Does anyone here able to configure to Knox correctly and working?
Created 01-30-2017 09:11 AM
Can you post content of knox_sample and default topologies? 404 error show topology deployment issue and 401 means problem authenticating. You can check if Knox and Demo LDAP is working properly by logging in to Knox Host and issue below command:
curl -iku admin:admin-password -X GET 'https://localhost:8443/gateway/admin/api/v1/version'
This should return Knox Server version, something similar to below:
HTTP/1.1 200 OK Date: Mon, 30 Jan 2017 09:06:35 GMT Set-Cookie: JSESSIONID=12phoc1xgseuiwm1m48kvs6cw;Path=/gateway/admin;Secure;HttpOnly Expires: Thu, 01 Jan 1970 00:00:00 GMT Set-Cookie: rememberMe=deleteMe; Path=/gateway/admin; Max-Age=0; Expires=Sun, 29-Jan-2017 09:06:35 GMT Content-Type: application/xml Content-Length: 170 Server: Jetty(9.2.15.v20160210) <?xml version="1.0" encoding="UTF-8"?> <ServerVersion> <version>0.11.0.2.6.0.0-405</version> <hash>b4ad4748eeff4c9b9493a0cc082a0825200c4668</hash> </ServerVersion>
Created 01-30-2017 10:04 AM
The knox_sample topology seems to be empty based from the tutorial. The guide just instructs the user to use touch command.

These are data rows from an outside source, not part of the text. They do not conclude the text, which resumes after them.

(* At iteration k,
   alpha_tilde_k in [alo, ahi] is chosen; the line search tries
   alpha = alpha_tilde_k * r^i, i = 0, 1, ..., each time computing some
   element of the prox; trials i < j fail, trial j succeeds and gives x^{k+1}. *)
Definition generated_by_alg1 (f g h1 h2 : vec -> R) (C : set vec)
  (alo ahi sigma r : R) (x0 : vec)
  (x z : nat -> vec) (c : nat -> R) : Prop :=
  x 0%N = x0 /\
  forall k : nat,
    c k = f (x k) / g (x k) /\
    subdiff h2 (x k) (z k) /\
    exists2 at_ : R, alo <= at_ <= ahi &
    exists j : nat,
      (forall i : nat, (i < j)%N -> exists xh : vec,
          trial_point f g h1 C (x k) (z k) (c k) (at_ * r ^+ i) xh /\
          ~ accepted f g h1 h2 C sigma (x k) (z k) xh) /\
      trial_point f g h1 C (x k) (z k) (c k) (at_ * r ^+ j) (x k.+1) /\
      accepted f g h1 h2 C sigma (x k) (z k) (x k.+1).

End Defs.

From Pilot Require Import Defs.
From HB Require Import structures.
From mathcomp Require Import all_boot all_order all_algebra.
From mathcomp Require Import all_classical all_reals all_analysis.
From mathcomp Require Import ring lra.
Set Implicit Arguments. Unset Strict Implicit. Unset Printing Implicit Defensive.
Import Order.TTheory GRing.Theory Num.Theory.
Import numFieldNormedType.Exports.
Local Open Scope classical_set_scope.
Local Open Scope ring_scope.
Lemma ig_rho_cong a b : cong (ig G rho) a b -> rho a -> rho b.
Proof.
  intros e ha. unfold cong in e. rewrite ig_iff in e.
  apply (proj2 (e a)) in ha. rewrite (subKr HG) in ha. exact ha.
Qed.

(* The strict order of vF/ig(ρ), read on representatives. *)
Lemma ig_lt_iff a b : glt G a b /\ ~ ig G rho (b ⊕ ⊝a) <-> ~ sub_stable (a ⊕ ⊝b).
Proof.
  rewrite <- (opp_sub HG a b), ig_sub_stable, (oppK HG). split.
  - intros [hab h] hs. apply h. split; [|exact hs].
    apply sub_stable_nonneg, (lt_asym HG).
    rewrite (opp_sub HG). apply (lt0_sub HG), hab.
  - intro hn. split; [|tauto].
    apply (lt_sub0 HG). apply NNPP. intro h. apply hn, sub_stable_nonneg, h.
Qed.
End InvarianceGroup.

Section Comparison.
Variables (F : hyperfield) (HF : is_hyperfield F) (G : oag) (HG : is_oag G)
  (v : hcar F -> option (car G)) (rho : car G -> Prop).
Hypothesis Hv : krasner_valuation_with_norm F G v rho.
Variables (H : oag) (HH : is_oag H) (w : hcar F -> option (car H)).
Hypothesis Hw : valuation F H w.
Hypothesis HOw : forall x : hcar F,
  ole H (Some (gzero H)) (w x) <->
  (forall s, hadd F x (hneg F x) s -> hadd F (hone F) (hneg F (hone F)) s).

Local Infix "⊕" := (gadd G) (at level 50, left associativity).
Local Notation "⊝ a" := (gopp G a) (at level 35, right associativity).
Local Notation z0 := (gzero G).
Local Notation Delta := (ig G rho).
Local Notation Q := (quot_oag G Delta).
Local Notation qmk := (qmk G Delta).
Local Notation vD := (coarsening F G Delta v).

Let v_val : valuation F G v := proj1 Hv.
Let rho_init : initial_segment G rho := proj1 (proj2 (proj2 Hv)).
Let Delta_cs : convex_subgroup G Delta := ig_convex_subgroup HG rho rho_init.

(* KVH2 with z = 0 ∈ x − x: for x ≠ 0, x − x = {t | vt > ρ + vx}. *)
Lemma sub_self_char x g : v x = Some g ->
  forall t, hadd F x (hneg F x) t <-> above_seg G rho (v t) g.
Proof.
  intros hg t. pose proof Hv as (_ & _ & _ & _ & HK2).
  assert (hm : omin G (v x) (v (hneg F x)) = Some g).
  { rewrite (val_neg HF HG v_val), hg. apply omin_same. }
  rewrite (HK2 x (hneg F x) (hzero F) t (or_introl (val_Some_nz v_val _ _ hg)) (h_inv HF x) g hm).
  split.
  - intro h. rewrite <- (val_neg HF HG v_val t). apply h, (h_zero_l HF). reflexivity.
  - intros h s hs. apply (h_zero_l HF) in hs. subst. rewrite (val_neg HF HG v_val). exact h.
Qed.

Lemma O_w_char x g : v x = Some g ->
  (ole H (Some (gzero H)) (w x) <-> sub_stable rho g).
Proof.
  intro hg. rewrite HOw.
  pose proof (val_one HF HG v_val) as v1.
  split.
  - intros h c hc. apply NNPP; intro hn.
    destruct (val_surj v_val (Some c)) as [t ht].
    assert (ht' : hadd F x (hneg F x) t).
    { rewrite (sub_self_char x g hg), ht. simpl. rewrite (seg_shift_iff HG). exact hn. }
    specialize (h t ht'). rewrite (sub_self_char _ _ v1), ht in h. simpl in h.
    rewrite (seg_shift_iff HG), (sub0 HG) in h. exact (h hc).
  - intros hq s hs. rewrite (sub_self_char x g hg) in hs. rewrite (sub_self_char _ _ v1).
    destruct (v s) as [a|]; [|exact hs]. simpl in *. rewrite (seg_shift_iff HG) in *.
    rewrite (sub0 HG). intro hr. apply hs, hq, hr.
Qed.

(* w y ≤ w x  iff  x/y ∈ O_w  iff  ρ − (vx − vy) ⊆ ρ. *)
Lemma w_le_iff x y a b : v x = Some a -> v y = Some b ->
  (ole H (w y) (w x) <-> sub_stable rho (a ⊕ ⊝b)).
Proof.
  intros ha hb.
  destruct (m_inv HF y (val_Some_nz v_val _ _ hb)) as [y' hy'].
  assert (vq : v (hmul F x y') = Some (a ⊕ ⊝b)).
  { rewrite (val_mul v_val), ha, (val_inv HF HG v_val y y' b hb hy'). reflexivity. }
  rewrite <- (O_w_char _ _ vq).
  destruct (val_Some Hw x (val_Some_nz v_val _ _ ha)) as [p hp].
  destruct (val_Some Hw y (val_Some_nz v_val _ _ hb)) as [q hq].
  rewrite (val_mul Hw), hp, (val_inv HF HH Hw y y' q hq hy'), hq. apply (ole_sub HH).
Qed.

The result of the command you gave is:
HTTP/1.1 401 Unauthorized Date: Mon, 30 Jan 2017 09:56:48 GMT Set-Cookie: rememberMe=deleteMe; Path=/gateway/admin; Max-Age=0; Expires=Sun, 29-Jan-2017 09:56:48 GMT WWW-Authenticate: BASIC realm="application" Content-Length: 0 Server: Jetty(9.2.15.v20160210)
Created 01-30-2017 10:29 AM
This means either Demo LDAP is not properly configured or running. Can you post default.xml from /etc/knox/conf/topologies directory? Also knox_sample.xml shouldn't be empty, it should have all service information. Also do run below command and provide the output:
ps aux | grep ldap
Created 01-30-2017 10:55 AM
Then there is something wrong with Knox tutorial in Hortonworks. The knox_sample.xml file does not exist even in the Sandbox VM and using touch will simply create an empty file.
What would be the admin username and password here? Is it Ranger's or Knox's admin?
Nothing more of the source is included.